The Newsweek article may be read here.
It begins:
Sept. 4, 2006 issue - At the fashionable Da Capo cafe on bustling Kolonaki Square in downtown Athens, Greek professionals in their 30s and early 40s luxuriate over iced cappuccinos. Their favorite topic of conversation is, of course, relationships: men's reluctance to commit, women's independence, and when to have children—or, increasingly, whether to have them at all. "With the years passing my chances of having a child go down," says Eirini Petropoulou, a 37-year-old administrative assistant at the Associated Press news agency. "But I won't marry anyone just to have a child." She loves her work and gets her social sustenance from her parea, or close-knit group of like-minded friends, who increasingly play the role of family for young Greeks. "If at 45 I'm still childless, I'll consider having a child on my own," she says. But it's not as if her sense of personal fulfillment depends on it.
Just a few decades ago, Petropoulou and her friends might have been considered, well, odd.

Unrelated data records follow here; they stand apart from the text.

Lemma recurrence_cond_topple c d : topple_step c d -> recurrence_cond c -> recurrence_cond d.
Proof.
case=> [[i0 [n_le [S ->]]] | [j0 [m_lt [s [S ->]]]]] cond B.
- have := cond B; rewrite /top_deficit (bigD1 i0) //= => /(leq_trans (leq_addl _ _)) cond_B.
  rewrite (bigD1 i0) //= ffunE eqxx (eq_bigr (fun i => #|B| - c.1 i)); last first.
    by move=> i /negbTE ne_i; rewrite ffunE ne_i.
  rewrite (eq_bigr (fun j => c.2 j + (j \in S))); last by move=> j _; rewrite ffunE.
  have le_i0 : #|B| - (c.1 i0 - #|S|) <= #|B :&: S|.
    have capBS : #|B| + #|S| <= n + #|B :&: S| by rewrite -cardsUI leq_add2r card_set_ord_le.
    by have := card_set_ord_le S; lia.
  by rewrite big_split sum_mem_cardI addnC leq_add.
- case: (boolP (j0 \in B)) => [Bj0 | nBj0].
  + rewrite (big_setD1 _ Bj0) ffunE eqxx (eq_bigr c.2); last first.
      by move=> j; rewrite in_setD1 => /andP[/negbTE ne_j _]; rewrite ffunE ne_j.
    have le_top : top_deficit [ffun i => c.1 i + (i \in S)] #|B|
                  <= top_deficit c.1 #|B :\ j0| + #|~: S|.
      rewrite /top_deficit -[#|~: S|]sum_mem_card -big_split; apply: leq_sum => i _.
      (* generalizing merges the convertible copies of the cardinal into one [lia] atom *)
      rewrite ffunE (cardsD1 j0 B) Bj0 inE; move: #|B :\ j0| => b.
      by case: (i \in S) => /=; lia.
    have le_j0 : #|~: S| <= c.2 j0 - (s + #|S|).
      by have := cardsC S; rewrite card_ord; have := leq_b1 s; lia.
    by apply: leq_trans le_top _; rewrite addnC leq_add ?cond.
  + apply: leq_trans (top_deficit_homo _ _) (leq_trans (cond B) (eq_leq _)).
      by move=> i; rewrite /= ffunE leq_addr.
    apply: eq_bigr => j Bj; rewrite ffunE ifN //.
    by apply: contraNneq nBj0 => <-.
Qed.

Lemma recurrence_cond_chain_reach c d :
  chain_reach c d -> recurrence_cond c -> recurrence_cond d.
Proof.
apply: clos_rt_invariant => {}c {}d [_ [v [topples _]]] cond.
exact: clos_rt_invariant recurrence_cond_topple _ _ topples (recurrence_cond_add_grain v cond).
Qed.

Lemma stable_chain_reach c d : chain_reach c d -> stable c -> stable d.
Proof. by apply: clos_rt_invariant => {}c {}d [_ [v [_ ?]]]. Qed.

End RecurrenceCondition.

Section Reachability.

Variables m n : nat.
Implicit Types c d : config m n.

Definition max_config : config m n := ([ffun=> n.-1], [ffun=> m]).

Lemma recurrence_cond_max_config : recurrence_cond max_config.
Proof.
move=> B; apply: (@leq_trans (\sum_(i < m) #|B|)).
  by apply: leq_sum => i _; apply: leq_subr.
rewrite sum_nat_const card_ord (eq_bigr (fun=> m)); last by move=> j _; rewrite ffunE.
by rewrite sum_nat_const mulnC.
Qed.

Lemma max_configE c : stable c ->
  (forall i, n.-1 <= c.1 i) -> (forall j, m <= c.2 j) -> c = max_config.
Proof.
move=> [top_lt bot_lt] top_ge bot_ge.
rewrite [c]surjective_pairing; congr pair; apply/ffunP => x; rewrite ffunE.
  by apply/eqP; rewrite eqn_leq top_ge andbT -ltnS (ltn_predK (top_lt x)).
by apply/eqP; rewrite eqn_leq bot_ge andbT -ltnS.
Qed.

Lemma chain_step_add_grain c v :
  stable c -> stable (add_grain c v) -> chain_step c (add_grain c v).
Proof. by move=> sc sa; split=> //; exists v; split=> //; apply: rt_refl. Qed.

Definition gap c : nat := \sum_(i < m) (n.-1 - c.1 i) + \sum_(j < n) (m - c.2 j).

Lemma chain_reach_max_config c : stable c -> chain_reach c max_config.
Proof.
move: c; apply: (induction_ltof1 _ gap) => c IH sc; case: (sc) => top_lt bot_lt.
have step v : stable (add_grain c v) -> gap (add_grain c v) < gap c -> chain_reach c max_config.
  move=> sa lt_gap; apply: rt_trans (rt_step _ _ _ _ (chain_step_add_grain sc sa)) (IH _ _ sa).
  exact/ltP.
case: (pickP (fun i => c.1 i < n.-1)) => [i lt_i | top_max].
  apply: (step (inl i)).
    by split=> [i'|//]; rewrite ffunE; case: eqP => [->|_]; [lia | rewrite addn0].
  rewrite /gap ltn_add2r; apply: (ltn_sum i) => [i'|]; rewrite ffunE.
    by rewrite leq_sub2l ?leq_addr.
  by rewrite eqxx; lia.
case: (pickP (fun j => c.2 j < m)) => [j lt_j | bot_max].
  apply: (step (inr j)).
    by split=> [//|j']; rewrite ffunE; case: eqP => [->|_]; [lia | rewrite addn0].
  rewrite /gap ltn_add2l; apply: (ltn_sum j) => [j'|]; rewrite ffunE.
    by rewrite leq_sub2l ?leq_addr.
  by rewrite eqxx; lia.
rewrite (max_configE sc) => [|i|j]; first exact: rt_refl.
  by rewrite leqNgt top_max.
by rewrite leqNgt bot_max.
Qed.

Lemma topple_to_sink d j : m < d.2 j -> topple_step d (d.1, [ffun j' => d.2 j' - (j' == j)]).
Proof.
move=> over; right; exists j; split=> //; exists true, set0.
congr pair; apply/ffunP => x; rewrite !ffunE; first by rewrite in_set0 addn0.
by case: eqP => [->|_]; rewrite ?cards0 ?subn0.
Qed.

Lemma topples_to_sink d (r : seq 'I_n) : uniq r -> (forall j, j \in r -> m < d.2 j) ->
  clos_refl_trans _ (@topple_step m n) d (d.1, [ffun j => d.2 j - count_mem j r]).
Proof.
elim: r d => [|j r IH] d.
  move=> _ _; set d0 := (_, _); suff -> : d0 = d by apply: rt_refl.
  by rewrite [d]surjective_pairing /d0; congr pair; apply/ffunP => x; rewrite ffunE subn0.
move=> /andP[rj uniq_r] over.
apply: rt_trans (rt_step _ _ _ _ (topple_to_sink (over j (mem_head j r)))) _.
set d1 := (d.1, _); set d2 := (d.1, _).
suff -> : d2 = (d1.1, [ffun x => d1.2 x - count_mem x r]).
  apply: IH => // x rx; have /negbTE ne_xj : x != j by apply: contraNneq rj => <-.
  by rewrite ffunE ne_xj subn0; apply: over; rewrite inE rx orbT.
by congr pair; apply/ffunP => x; rewrite !ffunE /= subnDA eq_sym.
Qed.

Definition raise_top c (i : 'I_m) : config m n :=
  ([ffun i' => if i' == i then n.-1 else c.1 i'], c.2).

Lemma stable_raise_top c i : stable c -> stable (raise_top c i).
Proof.
move=> [top_lt bot_lt]; split=> // i'; rewrite ffunE.
by case: eqP => _ //; have := top_lt i; lia.
Qed.

Lemma chain_step_raise_top c i :
  stable c -> (forall j, c.2 j = m) -> chain_step (raise_top c i) c.
Proof.
move=> sc bot_m; split; first exact: stable_raise_top.
exists (inl i); split=> //; case: sc => top_lt _.
set S := [set j : 'I_n | j < n - c.1 i].
have cardS : #|S| = n - c.1 i by rewrite card_ord_prefix ?leq_subr.
set a := add_grain _ _.
set t : config m n := ([ffun i' => if i' == i then a.1 i - #|S| else a.1 i'],
                       [ffun j => a.2 j + (j \in S)]).
apply: (@rt_trans _ _ _ t).
  apply: rt_step; left; exists i; split; last by exists S.
  by rewrite !ffunE eqxx; have := top_lt i; lia.
suff -> : c = (t.1, [ffun j => t.2 j - count_mem j (enum S)]).
  apply: topples_to_sink (enum_uniq _) _ => j.
  by rewrite mem_enum ffunE /= bot_m => ->; rewrite addn1.
rewrite [c]surjective_pairing; congr pair; apply/ffunP => x; rewrite !ffunE.
  have n_gt0 : 0 < n := leq_ltn_trans (leq0n _) (top_lt i).
  by case: eqP => [->|_]; rewrite ?eqxx ?addn0 // addn1 prednK // cardS subKn // ltnW.
by rewrite /= count_uniq_mem ?enum_uniq // mem_enum addnK.
Qed.

Lemma chain_reach_of_full_bottom c :
  stable c -> (forall j, c.2 j = m) -> chain_reach max_config c.
Proof.
move: c; apply: (induction_ltof1 _ (fun c => \sum_(i < m) (n.-1 - c.1 i))) => c IH sc bot_m.
case: (pickP (fun i => c.1 i < n.-1)) => [i lt_i | top_max].
  apply: rt_trans (IH _ _ (stable_raise_top i sc) bot_m) (rt_step _ _ _ _ _).
    apply/ltP; apply: (ltn_sum i) => [i'|]; rewrite ffunE; last by rewrite eqxx; lia.
    by case: eqP => [->|_]; rewrite ?subnn.
  exact: chain_step_raise_top.
rewrite -(max_configE sc) => [|i|j]; first exact: rt_refl.
  by rewrite leqNgt top_max.
by rewrite bot_m.
Qed.

Definition raise_bottom c (T : {set 'I_m}) (b : 'I_n) : config m n :=
  ([ffun i => c.1 i - (i \in T)], [ffun j => if j == b then m else c.2 j]).

Lemma stable_raise_bottom c (T : {set 'I_m}) b : stable c -> stable (raise_bottom c T b).
Proof.
move=> [top_lt bot_lt]; split=> [i|j]; rewrite ffunE.
  exact: leq_ltn_trans (leq_subr _ _) (top_lt i).
by case: eqP.
Qed.

Lemma chain_step_raise_bottom c (T : {set 'I_m}) b : stable c -> #|T| = m - c.2 b ->
  (forall i, i \in T -> 0 < c.1 i) -> chain_step (raise_bottom c T b) c.
Proof.
move=> sc cardT pos; split; first exact: stable_raise_bottom.
exists (inr b); split=> //; apply: rt_step; right; exists b.
split; first by rewrite !ffunE !eqxx addn1.
exists true, T; rewrite [LHS]surjective_pairing; congr pair; apply/ffunP => x; rewrite !ffunE.
  by case: (boolP (x \in T)) => [/pos x_gt0 | _]; rewrite ?subn0 ?addn0 // subnK.
case: eqP => [->|_]; rewrite ?addn0 // eqxx cardT addn1 add1n subSS subKn //.
by case: sc => _ /(_ b).
Qed.

Lemma top_set_gt0 c (T : {set 'I_m}) b :
  recurrence_cond c -> #|T| = m - c.2 b ->
  (forall i i', i \in T -> i' \notin T -> c.1 i' <= c.1 i) ->
  forall i, i \in T -> 0 < c.1 i.
Proof.
move=> cond cardT topT i0 Ti0; rewrite lt0n; apply/negP => /eqP c_i0.
have zeros : #|i0 |: ~: T| <= c.2 b.
  have := cond [set b]; rewrite cards1 big_set1; apply: leq_trans.
  rewrite /top_deficit -sum_mem_card.
  apply: leq_sum => i _; rewrite !inE; case: eqP => [->|_] /=; first by rewrite c_i0.
  by case: (boolP (i \in T)) => //= Ti; have := topT _ _ Ti0 Ti; rewrite c_i0; lia.
have T_gt0 : 0 < #|T| by apply/card_gt0P; exists i0.
move: zeros; rewrite cardsU1 inE Ti0 -(leq_add2l #|T|) addnCA cardsC card_ord.
by move: T_gt0; rewrite cardT; lia.
Qed.

Lemma recurrence_cond_raise_bottom c (T : {set 'I_m}) b :
  recurrence_cond c -> c.2 b <= m -> #|T| = m - c.2 b ->
  (forall i i', i \in T -> i' \notin T -> c.1 i' <= c.1 i) ->
  recurrence_cond (raise_bottom c T b).
Proof.
move=> cond le_bm cardT topT B; have pos := top_set_gt0 cond cardT topT.
case: (boolP (b \in B)) => [Bb | nBb].
  rewrite (big_setD1 _ Bb) ffunE eqxx (eq_bigr c.2); last first.
    by move=> j; rewrite in_setD1 => /andP[/negbTE ne_j _]; rewrite ffunE ne_j.
  have le_top :
    top_deficit [ffun i => c.1 i - (i \in T)] #|B| <= top_deficit c.1 #|B| + #|T|.
    rewrite /top_deficit -[#|T|]sum_mem_card -big_split; apply: leq_sum => i _.
    by rewrite ffunE; case: (i \in T) => /=; lia.
  apply: leq_trans le_top _; rewrite -[X in _ <= X + _](subnKC le_bm) -cardT addnAC leq_add2r.
  by rewrite -big_setD1 ?cond.
rewrite (eq_bigr c.2); last first.
  by move=> j Bj; rewrite ffunE ifN //; apply: contraNneq nBb => <-.
case: (boolP [exists i in T, c.1 i <= #|B|]) => [/existsP[i0 /andP[Ti0 le_i0]] | /existsP none].
  have cardC : #|~: T| = c.2 b.
    by apply/eqP; rewrite -(eqn_add2l #|T|) cardsC card_ord cardT subnK.
  rewrite -(leq_add2l (c.2 b)); have := cond (b |: B).
  rewrite big_setU1 //= cardsU1 nBb add1n; apply: leq_trans; rewrite addnC -cardC.
  rewrite /top_deficit -[#|~: T|]sum_mem_card -big_split; apply: leq_sum => i _.
  rewrite ffunE inE; case: (boolP (i \in T)) => Ti /=.
    by have := pos i Ti; lia.
  by rewrite subn0 addn1 subSn // (leq_trans (topT _ _ Ti0 Ti) le_i0).
apply: leq_trans (cond B); apply: leq_sum => i _; rewrite ffunE.
case: (boolP (i \in T)) => Ti /=; last by rewrite subn0.
have : #|B| < c.1 i by rewrite ltnNge; apply/negP => le_iB; apply: none; exists i; rewrite Ti.
by move: #|B| (c.1 i) => k x; lia.
Qed.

Greece was known as one of Europe's most traditional societies, where the Orthodox Church's strict commandment to marry and multiply held sway. Powerful social and religious taboos labeled childless women as barren spinsters, and cast suspicion on the sexual preferences of single, middle-aged men. No longer. In the space of a generation, that tight social corset has largely vanished, thanks to an array of factors, including better education and job options for women and Greece's entry into the cultural mainstream of the European Union. The result: a marriage rate below the EU average, and a birthrate among the world's lowest, at 1.3 per woman. To young Greeks like Petropoulou, babies are great—if the timing is right. But they're certainly not essential...
Well, it does sound good for restaurants and real estate. Even better, it means less people suffering under violently imposed Sharia law. And don't we owe that to our kids?